WHAT IS EXPECTED:
Everything from the line containing "forall i, (i < n)%nat -> x i = 0." to the end of the records should be reproduced exactly, and nothing before it.
════════
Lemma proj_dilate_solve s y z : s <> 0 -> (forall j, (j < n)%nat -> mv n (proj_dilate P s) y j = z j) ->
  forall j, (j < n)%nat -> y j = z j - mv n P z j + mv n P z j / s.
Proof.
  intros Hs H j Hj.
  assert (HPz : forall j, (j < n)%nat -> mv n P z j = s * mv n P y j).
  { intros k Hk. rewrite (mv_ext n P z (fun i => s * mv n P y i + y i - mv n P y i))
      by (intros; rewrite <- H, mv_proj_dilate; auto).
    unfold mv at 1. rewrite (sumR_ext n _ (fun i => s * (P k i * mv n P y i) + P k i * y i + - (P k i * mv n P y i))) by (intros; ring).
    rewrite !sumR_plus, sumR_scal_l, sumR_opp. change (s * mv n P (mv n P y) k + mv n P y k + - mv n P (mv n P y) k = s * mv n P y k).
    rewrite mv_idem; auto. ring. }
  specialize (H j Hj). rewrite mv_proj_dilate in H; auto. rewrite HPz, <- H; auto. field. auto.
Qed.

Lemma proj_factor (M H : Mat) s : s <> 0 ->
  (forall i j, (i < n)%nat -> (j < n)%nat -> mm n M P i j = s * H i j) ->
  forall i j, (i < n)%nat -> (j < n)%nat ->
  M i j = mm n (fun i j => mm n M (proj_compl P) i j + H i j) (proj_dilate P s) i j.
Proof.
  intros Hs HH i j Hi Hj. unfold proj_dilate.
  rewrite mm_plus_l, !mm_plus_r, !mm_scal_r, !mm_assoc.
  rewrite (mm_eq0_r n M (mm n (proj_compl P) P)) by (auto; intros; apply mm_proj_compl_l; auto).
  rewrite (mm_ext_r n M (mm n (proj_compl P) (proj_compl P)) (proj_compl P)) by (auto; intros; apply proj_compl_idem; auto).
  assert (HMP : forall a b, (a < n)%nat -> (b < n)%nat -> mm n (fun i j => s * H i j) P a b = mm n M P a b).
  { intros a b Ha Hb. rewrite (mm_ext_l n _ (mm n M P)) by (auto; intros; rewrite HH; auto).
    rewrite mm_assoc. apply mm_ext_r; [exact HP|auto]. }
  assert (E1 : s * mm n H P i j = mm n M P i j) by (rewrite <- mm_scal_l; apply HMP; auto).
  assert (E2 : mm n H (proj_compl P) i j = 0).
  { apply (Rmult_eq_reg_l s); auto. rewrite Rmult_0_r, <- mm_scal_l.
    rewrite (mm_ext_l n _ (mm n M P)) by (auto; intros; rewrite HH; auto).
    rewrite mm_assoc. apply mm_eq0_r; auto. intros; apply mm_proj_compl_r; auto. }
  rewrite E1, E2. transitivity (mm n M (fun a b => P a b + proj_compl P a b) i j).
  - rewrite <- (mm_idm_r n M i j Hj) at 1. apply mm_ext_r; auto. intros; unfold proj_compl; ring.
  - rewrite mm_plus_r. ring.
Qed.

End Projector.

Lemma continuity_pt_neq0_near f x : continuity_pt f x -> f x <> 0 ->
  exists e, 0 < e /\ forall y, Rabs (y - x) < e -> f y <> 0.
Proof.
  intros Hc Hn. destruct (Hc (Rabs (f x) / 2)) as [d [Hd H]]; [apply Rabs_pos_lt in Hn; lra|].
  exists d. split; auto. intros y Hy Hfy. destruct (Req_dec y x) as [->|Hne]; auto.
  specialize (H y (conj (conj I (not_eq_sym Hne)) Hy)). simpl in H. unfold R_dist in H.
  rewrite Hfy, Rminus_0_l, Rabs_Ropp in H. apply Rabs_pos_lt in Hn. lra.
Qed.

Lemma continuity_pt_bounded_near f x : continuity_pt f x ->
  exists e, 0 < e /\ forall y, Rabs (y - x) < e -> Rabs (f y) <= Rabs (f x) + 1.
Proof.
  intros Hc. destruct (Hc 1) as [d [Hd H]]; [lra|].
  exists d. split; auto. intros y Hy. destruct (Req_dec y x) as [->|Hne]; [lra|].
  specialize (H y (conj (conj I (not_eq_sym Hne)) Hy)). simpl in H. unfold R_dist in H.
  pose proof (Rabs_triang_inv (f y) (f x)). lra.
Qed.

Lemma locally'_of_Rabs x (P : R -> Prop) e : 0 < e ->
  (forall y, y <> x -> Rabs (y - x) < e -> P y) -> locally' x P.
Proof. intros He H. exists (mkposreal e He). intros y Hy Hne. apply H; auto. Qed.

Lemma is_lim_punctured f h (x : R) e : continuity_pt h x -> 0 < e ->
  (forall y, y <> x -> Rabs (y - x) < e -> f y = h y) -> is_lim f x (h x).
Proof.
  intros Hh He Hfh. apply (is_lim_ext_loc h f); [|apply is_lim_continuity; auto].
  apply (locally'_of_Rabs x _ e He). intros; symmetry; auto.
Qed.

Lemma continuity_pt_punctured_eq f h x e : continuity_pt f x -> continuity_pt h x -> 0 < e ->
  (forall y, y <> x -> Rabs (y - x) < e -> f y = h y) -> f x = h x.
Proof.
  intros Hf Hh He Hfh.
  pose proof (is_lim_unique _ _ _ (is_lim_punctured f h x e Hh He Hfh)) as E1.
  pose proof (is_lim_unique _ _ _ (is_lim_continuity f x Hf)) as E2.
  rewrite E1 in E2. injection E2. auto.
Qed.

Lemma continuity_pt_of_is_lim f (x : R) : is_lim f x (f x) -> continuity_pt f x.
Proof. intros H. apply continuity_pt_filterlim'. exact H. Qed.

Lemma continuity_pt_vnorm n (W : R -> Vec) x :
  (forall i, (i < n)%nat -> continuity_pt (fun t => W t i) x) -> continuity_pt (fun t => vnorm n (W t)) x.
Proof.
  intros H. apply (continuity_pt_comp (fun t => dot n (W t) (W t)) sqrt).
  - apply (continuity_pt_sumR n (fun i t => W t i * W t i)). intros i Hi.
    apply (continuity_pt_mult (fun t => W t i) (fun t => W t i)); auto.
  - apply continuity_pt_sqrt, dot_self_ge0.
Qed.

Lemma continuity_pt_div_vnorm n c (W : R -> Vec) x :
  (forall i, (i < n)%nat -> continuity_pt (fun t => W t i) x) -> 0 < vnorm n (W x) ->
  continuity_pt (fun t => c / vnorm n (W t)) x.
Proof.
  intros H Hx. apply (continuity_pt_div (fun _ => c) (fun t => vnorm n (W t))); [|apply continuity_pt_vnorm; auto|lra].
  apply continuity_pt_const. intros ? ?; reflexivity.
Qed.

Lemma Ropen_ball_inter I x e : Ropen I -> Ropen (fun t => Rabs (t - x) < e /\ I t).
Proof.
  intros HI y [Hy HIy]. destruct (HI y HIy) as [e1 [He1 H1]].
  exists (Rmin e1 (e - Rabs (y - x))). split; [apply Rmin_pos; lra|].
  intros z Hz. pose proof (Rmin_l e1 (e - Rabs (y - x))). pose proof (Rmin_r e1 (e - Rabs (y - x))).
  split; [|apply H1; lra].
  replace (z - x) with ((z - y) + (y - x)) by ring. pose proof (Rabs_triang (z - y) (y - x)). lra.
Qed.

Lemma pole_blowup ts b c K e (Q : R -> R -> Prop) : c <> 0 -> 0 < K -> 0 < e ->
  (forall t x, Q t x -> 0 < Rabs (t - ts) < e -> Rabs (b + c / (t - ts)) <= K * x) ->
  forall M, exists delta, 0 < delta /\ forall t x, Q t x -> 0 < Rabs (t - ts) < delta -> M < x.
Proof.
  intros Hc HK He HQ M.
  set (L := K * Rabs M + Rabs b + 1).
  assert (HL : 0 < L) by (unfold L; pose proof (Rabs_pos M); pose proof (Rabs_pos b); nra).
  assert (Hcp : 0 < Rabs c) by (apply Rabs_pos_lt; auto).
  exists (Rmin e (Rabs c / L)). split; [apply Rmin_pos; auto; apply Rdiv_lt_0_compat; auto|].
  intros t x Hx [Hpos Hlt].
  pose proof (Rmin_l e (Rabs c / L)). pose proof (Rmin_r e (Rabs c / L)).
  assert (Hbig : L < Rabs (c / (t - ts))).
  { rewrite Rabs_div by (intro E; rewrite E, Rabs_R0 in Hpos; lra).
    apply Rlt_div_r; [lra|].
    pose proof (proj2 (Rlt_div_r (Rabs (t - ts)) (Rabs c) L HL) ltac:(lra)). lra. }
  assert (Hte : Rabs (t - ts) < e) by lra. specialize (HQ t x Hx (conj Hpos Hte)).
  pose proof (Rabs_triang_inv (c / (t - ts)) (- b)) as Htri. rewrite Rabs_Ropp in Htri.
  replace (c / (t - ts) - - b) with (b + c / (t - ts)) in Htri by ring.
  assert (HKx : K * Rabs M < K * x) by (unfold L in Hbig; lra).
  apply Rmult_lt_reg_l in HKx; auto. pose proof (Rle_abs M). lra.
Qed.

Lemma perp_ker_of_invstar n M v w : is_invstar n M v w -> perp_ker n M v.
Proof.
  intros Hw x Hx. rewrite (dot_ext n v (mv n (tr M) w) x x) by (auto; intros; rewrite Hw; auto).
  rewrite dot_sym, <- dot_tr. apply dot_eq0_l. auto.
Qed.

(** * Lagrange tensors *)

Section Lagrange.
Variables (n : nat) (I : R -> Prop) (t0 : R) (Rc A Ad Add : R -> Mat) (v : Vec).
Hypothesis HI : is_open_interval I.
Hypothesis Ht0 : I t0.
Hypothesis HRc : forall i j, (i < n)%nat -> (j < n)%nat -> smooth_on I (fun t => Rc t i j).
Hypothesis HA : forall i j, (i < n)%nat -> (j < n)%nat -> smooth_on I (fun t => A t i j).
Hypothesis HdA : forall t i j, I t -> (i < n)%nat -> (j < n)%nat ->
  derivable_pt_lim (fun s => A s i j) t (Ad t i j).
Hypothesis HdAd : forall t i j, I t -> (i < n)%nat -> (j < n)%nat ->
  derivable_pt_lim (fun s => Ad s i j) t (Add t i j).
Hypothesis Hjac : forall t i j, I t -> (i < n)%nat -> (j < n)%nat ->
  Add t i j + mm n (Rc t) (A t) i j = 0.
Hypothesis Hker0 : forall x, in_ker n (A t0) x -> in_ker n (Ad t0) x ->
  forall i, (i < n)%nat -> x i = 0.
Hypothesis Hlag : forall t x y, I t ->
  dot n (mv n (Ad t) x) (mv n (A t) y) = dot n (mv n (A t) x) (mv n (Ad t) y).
════════
ANSWER FOR THE TASK:
  forall i, (i < n)%nat -> x i = 0.
Hypothesis Hlag : forall t x y, I t ->
  dot n (mv n (Ad t) x) (mv n (A t) y) = dot n (mv n (A t) x) (mv n (Ad t) y).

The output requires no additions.